START Data extract

Lemma code_of_set_lt S : (code_of_set S < 8)%N.
Proof.
rewrite /code_of_set !big_ord_recl big_ord0 /=.
by case: (ord0 \in S); case: (lift ord0 ord0 \in S); case: (lift ord0 (lift ord0 ord0) \in S).
Qed.

Lemma bit_code_of_set S (i : 'I_3) : bit (code_of_set S) i = (i \in S).
Proof.
rewrite /code_of_set !big_ord_recl big_ord0 /=.
by elim/ord3P: i;
  case: (ord0 \in S); case: (lift ord0 ord0 \in S); case: (lift ord0 (lift ord0 ord0) \in S).
Qed.

Lemma code_of_setK : cancel code_of_set set_of_code.
Proof. by move=> S; apply/setP => i; rewrite inE bit_code_of_set. Qed.

Lemma set_of_codeK s : (s < 8)%N -> code_of_set (set_of_code s) = s.
Proof.
rewrite /code_of_set !big_ord_recl big_ord0 /= !inE.
by case: s => [|[|[|[|[|[|[|[|s]]]]]]]].
Qed.

Lemma code_of_set_inj : injective code_of_set.
Proof. exact: can_inj code_of_setK. Qed.

Lemma popcount_code S : popcount (code_of_set S) = #|S|.
Proof.
rewrite -{2}[S]code_of_setK; move: (code_of_set S) (code_of_set_lt S) => s.
rewrite card_set3 !big_ord_recl big_ord0 /= !inE.
by case: s => [|[|[|[|[|[|[|[|s]]]]]]]].
Qed.

Lemma count_below_code S (i : 'I_3) :
  count_below (code_of_set S) i = #|[set l in S | (val l < val i)%N]|.
Proof.
rewrite -{2}[S]code_of_setK; move: (code_of_set S) (code_of_set_lt S) => s.
rewrite card_set3 !big_ord_recl big_ord0 /= !inE.
by elim/ord3P: i; case: s => [|[|[|[|[|[|[|[|s]]]]]]]].
Qed.

Lemma code_of_setU1 S (i : 'I_3) :
  i \notin S -> code_of_set (i |: S) = (code_of_set S + 2 ^ i)%N.
Proof.
move=> iNS; rewrite /code_of_set (bigD1 i) // [in RHS](bigD1 i) //= setU11 (negbTE iNS).
rewrite mul1n mul0n add0n [in LHS]addnC; congr (_ + _)%N; apply: eq_bigr => j neq_ji.
by rewrite in_setU1 (negbTE neq_ji).
Qed.

Lemma code_of_setD1 S (i : 'I_3) :
  i \in S -> code_of_set (S :\ i) = (code_of_set S - 2 ^ i)%N.
Proof. by move=> iS; rewrite -{2}(setD1K iS) code_of_setU1 ?setD11 // addnK. Qed.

END Data extract

• [Directions]
What you give back should be exactly the lines of the entries above from the one containing "Lemma code_of_setK : cancel" to the end, and nothing more.

• [The completed task]
Lemma code_of_setK : cancel code_of_set set_of_code.
Proof. by move=> S; apply/setP => i; rewrite inE bit_code_of_set. Qed.

Lemma set_of_codeK s : (s < 8)%N -> code_of_set (set_of_code s) = s.
Proof.
rewrite /code_of_set !big_ord_recl big_ord0 /= !inE.
by case: s => [|[|[|[|[|[|[|[|s]]]]]]]].
Qed.

Lemma code_of_set_inj : injective code_of_set.
Proof. exact: can_inj code_of_setK. Qed.

Lemma popcount_code S : popcount (code_of_set S) = #|S|.
Proof.
rewrite -{2}[S]code_of_setK; move: (code_of_set S) (code_of_set_lt S) => s.
rewrite card_set3 !big_ord_recl big_ord0 /= !inE.
by case: s => [|[|[|[|[|[|[|[|s]]]]]]]].
Qed.

Lemma count_below_code S (i : 'I_3) :
  count_below (code_of_set S) i = #|[set l in S | (val l < val i)%N]|.
Proof.
rewrite -{2}[S]code_of_setK; move: (code_of_set S) (code_of_set_lt S) => s.
rewrite card_set3 !big_ord_recl big_ord0 /= !inE.
by elim/ord3P: i; case: s => [|[|[|[|[|[|[|[|s]]]]]]]].
Qed.

Lemma code_of_setU1 S (i : 'I_3) :
  i \notin S -> code_of_set (i |: S) = (code_of_set S + 2 ^ i)%N.
Proof.
move=> iNS; rewrite /code_of_set (bigD1 i) // [in RHS](bigD1 i) //= setU11 (negbTE iNS).
rewrite mul1n mul0n add0n [in LHS]addnC; congr (_ + _)%N; apply: eq_bigr => j neq_ji.
by rewrite in_setU1 (negbTE neq_ji).
Qed.

Lemma code_of_setD1 S (i : 'I_3) :
  i \in S -> code_of_set (S :\ i) = (code_of_set S - 2 ^ i)%N.
Proof. by move=> iS; rewrite -{2}(setD1K iS) code_of_setU1 ?setD11 // addnK. Qed.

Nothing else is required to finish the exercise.